Collected data entries
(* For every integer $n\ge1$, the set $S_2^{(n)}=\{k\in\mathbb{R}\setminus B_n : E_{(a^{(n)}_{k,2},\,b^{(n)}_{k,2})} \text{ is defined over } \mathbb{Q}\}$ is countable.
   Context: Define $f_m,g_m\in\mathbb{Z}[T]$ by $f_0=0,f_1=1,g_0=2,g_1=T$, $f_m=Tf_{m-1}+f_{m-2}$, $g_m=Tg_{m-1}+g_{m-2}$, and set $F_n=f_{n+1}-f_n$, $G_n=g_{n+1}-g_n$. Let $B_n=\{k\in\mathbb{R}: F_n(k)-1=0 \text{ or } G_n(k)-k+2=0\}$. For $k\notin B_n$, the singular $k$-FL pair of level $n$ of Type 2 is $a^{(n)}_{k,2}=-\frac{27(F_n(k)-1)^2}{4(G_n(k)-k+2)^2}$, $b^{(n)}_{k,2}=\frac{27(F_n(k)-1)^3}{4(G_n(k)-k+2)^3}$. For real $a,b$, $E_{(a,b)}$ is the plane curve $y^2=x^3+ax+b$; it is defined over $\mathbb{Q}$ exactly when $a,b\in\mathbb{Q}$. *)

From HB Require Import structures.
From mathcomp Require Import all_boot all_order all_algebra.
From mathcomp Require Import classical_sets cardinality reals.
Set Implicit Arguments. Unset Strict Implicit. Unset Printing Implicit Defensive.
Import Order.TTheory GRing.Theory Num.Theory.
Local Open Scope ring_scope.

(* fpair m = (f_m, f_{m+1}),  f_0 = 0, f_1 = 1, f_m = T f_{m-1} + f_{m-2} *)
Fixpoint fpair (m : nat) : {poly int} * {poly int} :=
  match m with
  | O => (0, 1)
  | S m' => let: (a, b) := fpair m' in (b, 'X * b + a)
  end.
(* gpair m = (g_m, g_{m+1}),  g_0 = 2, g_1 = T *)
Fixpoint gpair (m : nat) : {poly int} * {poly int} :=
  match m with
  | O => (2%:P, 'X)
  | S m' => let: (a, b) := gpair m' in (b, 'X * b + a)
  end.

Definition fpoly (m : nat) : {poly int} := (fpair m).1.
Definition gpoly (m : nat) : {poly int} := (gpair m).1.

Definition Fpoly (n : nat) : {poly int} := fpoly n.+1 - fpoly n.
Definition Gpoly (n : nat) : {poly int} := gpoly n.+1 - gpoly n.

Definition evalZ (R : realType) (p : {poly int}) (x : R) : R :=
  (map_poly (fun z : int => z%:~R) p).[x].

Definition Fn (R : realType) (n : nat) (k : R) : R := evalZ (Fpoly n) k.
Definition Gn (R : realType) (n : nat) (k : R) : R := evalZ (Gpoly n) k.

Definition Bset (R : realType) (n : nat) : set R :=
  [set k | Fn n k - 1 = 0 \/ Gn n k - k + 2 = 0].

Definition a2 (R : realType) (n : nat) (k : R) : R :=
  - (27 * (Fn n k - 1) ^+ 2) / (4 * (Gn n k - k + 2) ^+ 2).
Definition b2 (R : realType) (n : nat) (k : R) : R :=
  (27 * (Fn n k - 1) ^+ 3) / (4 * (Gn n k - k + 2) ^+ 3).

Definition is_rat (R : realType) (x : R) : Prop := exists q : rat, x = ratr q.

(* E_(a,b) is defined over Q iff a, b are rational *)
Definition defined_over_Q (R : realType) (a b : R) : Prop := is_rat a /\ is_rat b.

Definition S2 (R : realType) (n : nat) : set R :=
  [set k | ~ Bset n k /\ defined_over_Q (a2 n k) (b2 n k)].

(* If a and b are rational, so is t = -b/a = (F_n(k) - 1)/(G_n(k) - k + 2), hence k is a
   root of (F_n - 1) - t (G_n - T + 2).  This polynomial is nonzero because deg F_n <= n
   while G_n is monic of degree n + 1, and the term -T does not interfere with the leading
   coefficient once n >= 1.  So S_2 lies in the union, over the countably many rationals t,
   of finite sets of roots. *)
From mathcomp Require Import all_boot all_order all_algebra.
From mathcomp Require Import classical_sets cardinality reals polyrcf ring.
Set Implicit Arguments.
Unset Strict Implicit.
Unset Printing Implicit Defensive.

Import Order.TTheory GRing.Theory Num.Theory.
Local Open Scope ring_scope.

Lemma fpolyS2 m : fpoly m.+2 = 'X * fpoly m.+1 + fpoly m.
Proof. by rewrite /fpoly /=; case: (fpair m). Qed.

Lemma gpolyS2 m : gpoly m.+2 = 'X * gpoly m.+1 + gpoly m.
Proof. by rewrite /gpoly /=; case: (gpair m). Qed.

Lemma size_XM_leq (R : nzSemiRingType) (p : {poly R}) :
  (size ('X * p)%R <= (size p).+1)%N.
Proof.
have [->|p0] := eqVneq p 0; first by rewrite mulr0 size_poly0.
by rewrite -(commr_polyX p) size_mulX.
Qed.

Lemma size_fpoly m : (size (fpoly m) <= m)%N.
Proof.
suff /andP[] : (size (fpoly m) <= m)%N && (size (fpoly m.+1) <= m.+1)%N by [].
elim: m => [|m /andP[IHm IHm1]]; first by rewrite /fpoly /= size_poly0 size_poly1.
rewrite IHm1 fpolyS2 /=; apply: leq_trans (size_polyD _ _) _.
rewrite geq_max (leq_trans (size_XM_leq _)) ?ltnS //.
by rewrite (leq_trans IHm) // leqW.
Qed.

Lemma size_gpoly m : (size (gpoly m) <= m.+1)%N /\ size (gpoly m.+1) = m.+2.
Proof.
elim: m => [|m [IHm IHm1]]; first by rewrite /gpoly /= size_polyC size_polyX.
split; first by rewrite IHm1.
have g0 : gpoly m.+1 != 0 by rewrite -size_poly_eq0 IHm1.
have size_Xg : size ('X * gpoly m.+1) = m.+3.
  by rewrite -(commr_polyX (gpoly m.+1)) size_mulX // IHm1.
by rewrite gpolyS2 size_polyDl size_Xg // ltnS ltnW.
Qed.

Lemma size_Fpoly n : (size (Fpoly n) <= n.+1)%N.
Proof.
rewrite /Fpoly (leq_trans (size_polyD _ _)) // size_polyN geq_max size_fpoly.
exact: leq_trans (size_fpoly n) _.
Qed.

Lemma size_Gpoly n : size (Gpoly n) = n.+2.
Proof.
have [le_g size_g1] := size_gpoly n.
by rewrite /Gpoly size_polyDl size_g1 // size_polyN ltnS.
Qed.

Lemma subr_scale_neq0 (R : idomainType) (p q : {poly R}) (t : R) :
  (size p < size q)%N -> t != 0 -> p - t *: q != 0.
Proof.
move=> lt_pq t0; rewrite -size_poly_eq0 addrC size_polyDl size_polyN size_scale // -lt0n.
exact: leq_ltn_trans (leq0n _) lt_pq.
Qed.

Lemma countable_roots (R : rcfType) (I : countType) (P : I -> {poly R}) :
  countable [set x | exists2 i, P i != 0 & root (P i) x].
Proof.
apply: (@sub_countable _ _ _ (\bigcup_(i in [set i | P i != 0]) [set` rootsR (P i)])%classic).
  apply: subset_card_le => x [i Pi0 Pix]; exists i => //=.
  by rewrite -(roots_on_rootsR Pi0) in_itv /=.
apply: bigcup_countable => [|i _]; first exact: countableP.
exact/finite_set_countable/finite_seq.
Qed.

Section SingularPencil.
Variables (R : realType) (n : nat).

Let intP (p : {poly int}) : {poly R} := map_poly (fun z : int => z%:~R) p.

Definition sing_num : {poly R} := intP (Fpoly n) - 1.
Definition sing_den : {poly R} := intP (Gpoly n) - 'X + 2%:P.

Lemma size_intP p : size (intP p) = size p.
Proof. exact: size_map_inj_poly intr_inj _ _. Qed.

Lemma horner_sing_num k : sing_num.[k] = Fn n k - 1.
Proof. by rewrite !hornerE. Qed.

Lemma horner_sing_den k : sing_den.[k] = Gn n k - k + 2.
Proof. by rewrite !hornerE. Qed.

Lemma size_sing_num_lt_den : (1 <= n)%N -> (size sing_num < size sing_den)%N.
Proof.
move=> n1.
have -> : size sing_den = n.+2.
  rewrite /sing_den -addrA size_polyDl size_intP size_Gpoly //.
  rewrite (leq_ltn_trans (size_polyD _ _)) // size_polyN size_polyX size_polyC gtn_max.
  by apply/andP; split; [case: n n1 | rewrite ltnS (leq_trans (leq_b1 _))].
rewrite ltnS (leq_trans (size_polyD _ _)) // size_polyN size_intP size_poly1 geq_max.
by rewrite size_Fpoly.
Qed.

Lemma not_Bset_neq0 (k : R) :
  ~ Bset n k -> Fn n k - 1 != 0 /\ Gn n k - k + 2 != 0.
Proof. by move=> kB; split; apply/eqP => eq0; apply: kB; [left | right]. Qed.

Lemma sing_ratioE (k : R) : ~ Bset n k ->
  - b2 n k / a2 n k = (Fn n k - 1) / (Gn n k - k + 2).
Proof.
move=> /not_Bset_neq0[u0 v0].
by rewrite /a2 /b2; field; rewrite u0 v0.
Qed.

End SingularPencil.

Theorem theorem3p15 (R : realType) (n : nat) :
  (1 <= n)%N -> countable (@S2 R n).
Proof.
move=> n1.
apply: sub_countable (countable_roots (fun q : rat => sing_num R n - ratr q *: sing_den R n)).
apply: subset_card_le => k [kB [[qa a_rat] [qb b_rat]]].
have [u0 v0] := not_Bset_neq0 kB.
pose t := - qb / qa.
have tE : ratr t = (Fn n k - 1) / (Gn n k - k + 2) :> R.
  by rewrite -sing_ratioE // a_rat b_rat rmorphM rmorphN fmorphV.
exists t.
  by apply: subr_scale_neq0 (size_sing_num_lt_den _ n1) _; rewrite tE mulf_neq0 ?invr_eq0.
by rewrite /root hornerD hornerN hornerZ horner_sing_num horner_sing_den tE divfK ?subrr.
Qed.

TASK PROMPT -> Wherever the word "Unset" appears in the entries above, copy that line.

TASK RESULT ->
Set Implicit Arguments. Unset Strict Implicit. Unset Printing Implicit Defensive.
Unset Strict Implicit.
Unset Printing Implicit Defensive.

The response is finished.